WO ‘596 thus teaches compositions and methods for treating an opioid use disorder in a subject comprising administering a composition comprising an opioid antigen and adjuvants such as toll-like receptor agonists and alum. WO ‘596 differs from the instant claims in so far as it does not expressly disclose a TLR7/8 agonist, e.g., a compound of Formula II [resiquimod], as the TLR agonist adjuvant.

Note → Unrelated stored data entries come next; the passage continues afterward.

(* Let $N\geq 2$ be an integer and $p>2$, and let $$r(N,p) = \frac{2N}{2N+(p-2)(2N-1)}.$$ For $r>0$ consider the inequality in the single variable $B\in[N^{1-p},1]$: $$1 \leq \left( 1 + (N-1)\left(\frac{N \left( \tfrac12\binom{N}{2}^{-1} \left( 1 - B^{1/(p-1)}\right) \right)^{p/2}}{B}\right)^{r}\right)^{p-1} B. \qquad ( * )$$ Then $( * )$ holds for every $B\in[N^{1-p},1]$ when $r=r(N,p)$, while for every $r>r(N,p)$ there exists $B\in[N^{1-p},1]$ for which $( * )$ fails. *)

From Stdlib Require Import Reals.
Open Scope R_scope.

(* Real power x^a for x >= 0 with the convention 0^a = 0 (relevant for a > 0);
   Stdlib's Rpower x a = exp (a * ln x) would give 1 at x = 0. *)
Definition rpow (x a : R) : R := if Req_EM_T x 0 then 0 else Rpower x a.

Definition rNp (N : nat) (p : R) : R :=
  2 * INR N / (2 * INR N + (p - 2) * (2 * INR N - 1)).

Definition rhs (N : nat) (p r B : R) : R :=
  rpow (1 + (INR N - 1) *
         rpow (INR N * rpow (/ 2 * / Binomial.C N 2
                              * (1 - rpow B (/ (p - 1)))) (p / 2) / B) r)
       (p - 1) * B.

Definition ineq_holds (N : nat) (p r B : R) : Prop := 1 <= rhs N p r B.

Definition in_range (N : nat) (p B : R) : Prop := rpow (INR N) (1 - p) <= B <= 1.

(* Substituting B = (1 + (N-1) u)^(1-p) maps u in [0,1] onto the range of B,
   and since binom(N,2) = N(N-1)/2, taking logarithms turns the inequality for u > 0 into
     (1 - r p/2) ln u <= r (p/2 - 1) ln (k u + 1 - k),   k = (N-1)/N.
   Both sides vanish at u = 1.  For r = r(N,p) the two coefficients are c k and c
   with c = (p-2) N / (2N + (p-2)(2N-1)) >= 0, and the inequality is the concavity
   of ln.  For r > r(N,p) the slope 1 - r p/2 of the left side at u = 1 is smaller
   than the slope r (p/2 - 1) k of the right side, so it fails just below u = 1. *)

From Stdlib Require Import Reals Lra Lia Psatz.
Open Scope R_scope.

Lemma ln_le_iff x y : 0 < x -> 0 < y -> (ln x <= ln y <-> x <= y).
Proof.
  intros hx hy; split; intro H.
  - destruct (Rle_or_lt x y) as [|hlt]; [assumption|].
    apply ln_increasing in hlt; lra.
  - destruct H as [hlt| ->]; [left; apply ln_increasing|]; lra.
Qed.

Lemma ln_div x y : 0 < x -> 0 < y -> ln (x / y) = ln x - ln y.
Proof. intros hx hy. unfold Rdiv. rewrite ln_mult, ln_Rinv; auto using Rinv_0_lt_compat; ring. Qed.

Lemma ln_le_sub_1 x : 0 < x -> ln x <= x - 1.
Proof. intro hx. pose proof (exp_ineq1_le (ln x)). rewrite exp_ln in H; lra. Qed.

Lemma ln_lt_0 x : 0 < x < 1 -> ln x < 0.
Proof. intros [hx0 hx1]. rewrite <- ln_1. now apply ln_increasing. Qed.

Lemma ln_concave k x y : 0 <= k <= 1 -> 0 < x -> 0 < y ->
  k * ln x + (1 - k) * ln y <= ln (k * x + (1 - k) * y).
Proof.
  intros hk hx hy. set (m := k * x + (1 - k) * y).
  assert (hm : 0 < m) by (unfold m; nra).
  assert (hxm : ln (x / m) <= x / m - 1) by (apply ln_le_sub_1, Rdiv_lt_0_compat; auto).
  assert (hym : ln (y / m) <= y / m - 1) by (apply ln_le_sub_1, Rdiv_lt_0_compat; auto).
  unfold Rdiv in hxm, hym.
  rewrite ln_mult, ln_Rinv in hxm, hym by (auto; apply Rinv_0_lt_compat; auto).
  assert (hsum : k * (x * / m - 1) + (1 - k) * (y * / m - 1) = 0) by (unfold m in *; field; lra).
  nra.
Qed.

(* Both sides vanish at [u = 1] with slopes [a k] and [b]; any [u < 1] with
   [max b 0 < a k u] works, by [ln v <= v - 1] on each side. *)
Lemma exists_lt_below_1_of_slope_lt a b k : 0 < a -> 0 < k <= 1 -> b < a * k ->
  exists u, 0 < u < 1 /\ a * ln (k * u + (1 - k)) < b * ln u.
Proof.
  intros ha hk hb. set (m := Rmax b 0).
  assert (hak : 0 < a * k) by nra.
  assert (hm : 0 <= m < a * k) by (unfold m; split; [apply Rmax_r | apply Rmax_lub_lt; lra]).
  set (u := (a * k + m) / (2 * (a * k))).
  assert (hmu : m < a * k * u) by (unfold u; field_simplify; lra).
  assert (hu : 0 < u < 1).
  { unfold u; split; [apply Rdiv_lt_0_compat | apply Rmult_lt_reg_r with (2 * (a * k)); field_simplify]; lra. }
  exists u. split; [exact hu|].
  assert (hv : ln (k * u + (1 - k)) <= - k * (1 - u)) by (pose proof (ln_le_sub_1 (k * u + (1 - k))); nra).
  assert (hinv : ln (/ u) <= / u - 1) by (apply ln_le_sub_1, Rinv_0_lt_compat; lra).
  rewrite ln_Rinv in hinv by lra.
  assert (hlnu := ln_lt_0 u hu).
  assert (hbm : b * ln u >= m * ln u) by (assert (b <= m) by apply Rmax_l; nra).
  assert (hmul : m * (1 - / u) * u = m * (u - 1)) by (field; lra).
  assert (hleft : m * (1 - / u) > - a * k * (1 - u)) by nra.
  nra.
Qed.

Lemma Rpower_pos x a : 0 < Rpower x a.
Proof. apply exp_pos. Qed.

Lemma Rpower_1_l a : Rpower 1 a = 1.
Proof. unfold Rpower. now rewrite ln_1, Rmult_0_r, exp_0. Qed.

Lemma Rpower_le_antitone_l a x y : a < 0 -> 0 < x -> 0 < y ->
  (Rpower x a <= Rpower y a <-> y <= x).
Proof.
  intros ha hx hy.
  rewrite <- ln_le_iff, !ln_Rpower, <- (ln_le_iff y x) by (assumption || apply Rpower_pos).
  split; intro; nra.
Qed.

Lemma Rpower_Rpower_inv x a : 0 < x -> a <> 0 -> Rpower (Rpower x (/ a)) a = x.
Proof. intros hx ha. rewrite Rpower_mult, Rinv_l by exact ha. now apply Rpower_1. Qed.

Lemma one_le_Rpower_mul_iff x s a : 0 < a -> 0 < x -> 0 < s ->
  (1 <= Rpower x a * Rpower s (- a) <-> s <= x).
Proof.
  intros ha hx hs.
  assert (hprod : 0 < Rpower x a * Rpower s (- a)) by (apply Rmult_lt_0_compat; apply Rpower_pos).
  rewrite <- ln_le_iff, ln_1, ln_mult, !ln_Rpower by (try lra; apply Rpower_pos).
  rewrite <- (ln_le_iff s x) by assumption.
  split; intro; nra.
Qed.

Lemma rpow_pos x a : 0 < x -> rpow x a = Rpower x a.
Proof. intro hx. unfold rpow. destruct (Req_EM_T x 0); [lra | reflexivity]. Qed.

Lemma rpow_0_l a : rpow 0 a = 0.
Proof. unfold rpow. destruct (Req_EM_T 0 0); [reflexivity | lra]. Qed.

(* The hypothesis matters: truncated subtraction gives [C 1 2 = 1/2]. *)
Lemma C_2 N : (2 <= N)%nat -> Binomial.C N 2 = INR N * (INR N - 1) / 2.
Proof.
  intro hN. destruct N as [|[|M]]; try lia.
  unfold Binomial.C. replace (S (S M) - 2)%nat with M by lia.
  change (Factorial.fact (S (S M))) with (S (S M) * (S M * Factorial.fact M))%nat.
  rewrite !mult_INR, !S_INR. simpl (INR (Factorial.fact 2)).
  field. apply INR_fact_neq_0.
Qed.

Lemma pred_div_bounds n : 1 < n -> 0 < (n - 1) / n < 1.
Proof.
  intro hn. split; [apply Rdiv_lt_0_compat; lra|].
  apply Rmult_lt_reg_r with n; [lra|]. field_simplify; lra.
Qed.

Definition ineq_log_form (N : nat) (p r u : R) : Prop :=
  (1 - r * p / 2) * ln u <= r * (p / 2 - 1) * ln ((1 + (INR N - 1) * u) / INR N).

Lemma ineq_holds_iff_log_form N p r u : (2 <= N)%nat -> 1 < p -> 0 < u ->
  ineq_holds N p r (Rpower (1 + (INR N - 1) * u) (1 - p)) <-> ineq_log_form N p r u.
Proof.
  intros hN hp hu.
  assert (hn : 2 <= INR N) by (apply (le_INR 2); exact hN).
  unfold ineq_holds, rhs, ineq_log_form.
  set (n := INR N) in *. set (s := 1 + (n - 1) * u).
  assert (hs : 1 < s) by (unfold s; nra).
  assert (Et : rpow (Rpower s (1 - p)) (/ (p - 1)) = / s).
  { rewrite rpow_pos, Rpower_mult by apply Rpower_pos.
    replace ((1 - p) * / (p - 1)) with (Ropp 1) by (field; lra).
    rewrite Rpower_Ropp, Rpower_1; lra. }
  rewrite Et, C_2 by exact hN. fold n.
  replace (/ 2 * / (n * (n - 1) / 2) * (1 - / s)) with (u / (n * s)) by (unfold s in *; field; repeat split; nra).
  rewrite (rpow_pos (u / (n * s))) by (apply Rdiv_lt_0_compat; nra).
  set (y := n * Rpower (u / (n * s)) (p / 2) / Rpower s (1 - p)).
  assert (hy : 0 < y).
  { apply Rdiv_lt_0_compat; [apply Rmult_lt_0_compat; [lra | apply Rpower_pos] | apply Rpower_pos]. }
  assert (lny : ln y = p / 2 * ln u + (p / 2 - 1) * ln (s / n)).
  { unfold y.
    rewrite ln_div, ln_mult, !ln_Rpower, ln_div, ln_mult, ln_div
      by (apply Rpower_pos || apply Rmult_lt_0_compat || idtac; solve [apply Rpower_pos | lra]).
    field. }
  rewrite (rpow_pos y) by exact hy.
  assert (hY : 0 < Rpower y r) by apply Rpower_pos.
  rewrite rpow_pos by nra.
  replace (1 - p) with (- (p - 1)) by ring.
  rewrite one_le_Rpower_mul_iff by lra || nra.
  assert (hsY : s <= 1 + (n - 1) * Rpower y r <-> u <= Rpower y r).
  { unfold s; split; intro; [apply Rmult_le_reg_l with (n - 1) | ]; nra. }
  rewrite hsY, <- ln_le_iff, ln_Rpower, lny by assumption.
  split; intro; lra.
Qed.

Lemma ineq_holds_at_1 N p r : ineq_holds N p r 1.
Proof.
  unfold ineq_holds, rhs.
  rewrite (rpow_pos 1), Rpower_1_l, Rminus_diag, Rmult_0_r, rpow_0_l by lra.
  rewrite Rmult_0_r, Rdiv_0_l, rpow_0_l, Rmult_0_r, Rplus_0_r, rpow_pos, Rpower_1_l by lra.
  lra.
Qed.

Lemma in_range_Rpower N p u : (1 <= N)%nat -> 1 < p -> 0 <= u <= 1 ->
  in_range N p (Rpower (1 + (INR N - 1) * u) (1 - p)).
Proof.
  intros hN hp hu.
  assert (hn : 1 <= INR N) by (apply (le_INR 1); exact hN).
  unfold in_range. rewrite rpow_pos by lra.
  split.
  - apply Rpower_le_antitone_l; nra.
  - apply Rle_trans with (Rpower 1 (1 - p)); [apply Rpower_le_antitone_l; nra | right; apply Rpower_1_l].
Qed.

Lemma in_range_inv N p B : (2 <= N)%nat -> 1 < p -> in_range N p B ->
  exists u, 0 <= u <= 1 /\ B = Rpower (1 + (INR N - 1) * u) (1 - p).
Proof.
  intros hN hp [hlo hhi].
  assert (hn : 2 <= INR N) by (apply (le_INR 2); exact hN).
  rewrite rpow_pos in hlo by lra.
  assert (hB : 0 < B) by (pose proof (Rpower_pos (INR N) (1 - p)); lra).
  set (s := Rpower B (/ (1 - p))).
  assert (hs0 : 0 < s) by apply Rpower_pos.
  assert (hBs : B = Rpower s (1 - p)) by (symmetry; apply Rpower_Rpower_inv; lra).
  rewrite hBs in hlo, hhi.
  assert (hs1 : 1 <= s) by (apply (Rpower_le_antitone_l (1 - p)); try lra; rewrite Rpower_1_l; exact hhi).
  assert (hsn : s <= INR N) by (apply (Rpower_le_antitone_l (1 - p)); lra).
  exists ((s - 1) / (INR N - 1)). split.
  - split; [apply Rmult_le_pos; [lra | left; apply Rinv_0_lt_compat; lra]|].
    apply Rmult_le_reg_r with (INR N - 1); [lra|].
    unfold Rdiv. rewrite Rmult_assoc, Rinv_l; lra.
  - rewrite hBs. f_equal. field. lra.
Qed.

Lemma ineq_log_form_rNp N p u : (2 <= N)%nat -> 2 <= p -> 0 < u -> ineq_log_form N p (rNp N p) u.
Proof.
  intros hN hp hu.
  assert (hn : 2 <= INR N) by (apply (le_INR 2); exact hN).
  unfold ineq_log_form, rNp. set (n := INR N) in *.
  set (D := 2 * n + (p - 2) * (2 * n - 1)).
  assert (hD : 0 < D) by (unfold D; nra).
  set (c := (p - 2) * n / D). set (k := (n - 1) / n).
  assert (hc : 0 <= c) by (apply Rmult_le_pos; [nra | left; apply Rinv_0_lt_compat; lra]).
  assert (hk : 0 <= k <= 1) by (pose proof (pred_div_bounds n); unfold k; lra).
  replace (1 - 2 * n / D * p / 2) with (c * k) by (unfold c, k, D in *; field; split; lra).
  replace (2 * n / D * (p / 2 - 1)) with c by (unfold c; field; lra).
  replace ((1 + (n - 1) * u) / n) with (k * u + (1 - k) * 1) by (unfold k; field; lra).
  pose proof (ln_concave k u 1 hk hu Rlt_0_1) as hconc.
  rewrite ln_1, Rmult_0_r, Rplus_0_r in hconc.
  rewrite Rmult_assoc. now apply Rmult_le_compat_l.
Qed.

Lemma ineq_log_form_fails N p r : (2 <= N)%nat -> 2 < p -> rNp N p < r ->
  exists u, 0 < u < 1 /\ ~ ineq_log_form N p r u.
Proof.
  intros hN hp hr.
  assert (hn : 2 <= INR N) by (apply (le_INR 2); exact hN).
  unfold ineq_log_form, rNp in *. set (n := INR N) in *.
  set (D := 2 * n + (p - 2) * (2 * n - 1)) in *.
  assert (hD : 0 < D) by (unfold D; nra).
  assert (hrD : 2 * n < r * D).
  { apply Rmult_lt_compat_r with (r := D) in hr; [|exact hD].
    unfold Rdiv in hr. rewrite Rmult_assoc, Rinv_l in hr; lra. }
  set (k := (n - 1) / n).
  assert (hk : 0 < k <= 1) by (pose proof (pred_div_bounds n); unfold k; lra).
  assert (hr0 : 0 < r) by (unfold D in *; nra).
  assert (hslope : 1 - r * p / 2 < r * (p / 2 - 1) * k).
  { apply Rmult_lt_reg_r with n; [lra|].
    replace (r * (p / 2 - 1) * k * n) with (r * (p / 2 - 1) * (n - 1)) by (unfold k; field; lra).
    unfold D in hrD. nra. }
  destruct (exists_lt_below_1_of_slope_lt (r * (p / 2 - 1)) (1 - r * p / 2) k)
    as (u & hu & hlt); [nra | exact hk | exact hslope |].
  exists u. split; [exact hu|].
  replace ((1 + (n - 1) * u) / n) with (k * u + (1 - k)) by (unfold k; field; lra).
  lra.
Qed.

Theorem mainTheorem4 (N : nat) (p : R) (hN : (2 <= N)%nat) (hp : 2 < p) :
  (forall B : R, in_range N p B -> ineq_holds N p (rNp N p) B) /\
  (forall r : R, rNp N p < r -> exists B : R, in_range N p B /\ ~ ineq_holds N p r B).
Proof.
  split.
  - intros B hB.
    destruct (in_range_inv N p B hN ltac:(lra) hB) as (u & [[hu0 | <-] hu1] & ->).
    + apply ineq_holds_iff_log_form; [exact hN | lra | exact hu0 |].
      apply ineq_log_form_rNp; [exact hN | lra | exact hu0].
    + rewrite Rmult_0_r, Rplus_0_r, Rpower_1_l. apply ineq_holds_at_1.
  - intros r hr.
    destruct (ineq_log_form_fails N p r hN hp hr) as (u & hu & hfail).
    exists (Rpower (1 + (INR N - 1) * u) (1 - p)). split.
    + apply in_range_Rpower; [lia | lra | lra].
    + rewrite ineq_holds_iff_log_form by (exact hN || lra). exact hfail.
Qed.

VASILAKOS ET AL. teach that small molecule TLR7/8 agonist have demonstrated potential as vaccine adjuvants, since they directly activate APCs and can enhance both humoral and cellular immune responses (Abstract). They teach the vast majority of vaccine studies performed thus far have been performed with synthetic small molecule imidazoquinolines, such as imiquimod and resiquimod [claimed imidazoquinoline compound of Formula II as recited in claim 4] (Abstract). Regarding alum as a vaccine adjuvant as taught in WO ‘596 and recited in claims 11 and 25, they teach that alum is the most widely used adjuvant in the world today (paragraph bridging p.809-810). They teach that they are purposefully adding defined TLR agonists to vaccine formulations with the intent of improving the effectiveness of vaccines and that the approval of the TLR4 agonist, monophosphoryl lipid A, as a vaccine adjuvant lends credibility to using TLR agonists as vaccine adjuvants (paragraph bridging p.810-811). Regarding combining TLR agonist as vaccine adjuvants, they teach that numerous studies have demonstrated that combinations of TLR agonists, e.g., TLR4 and TLR7/8 (resiquimod) agonists, can be combined to improve DC maturation and B- and T-cell activation (p.814, left column).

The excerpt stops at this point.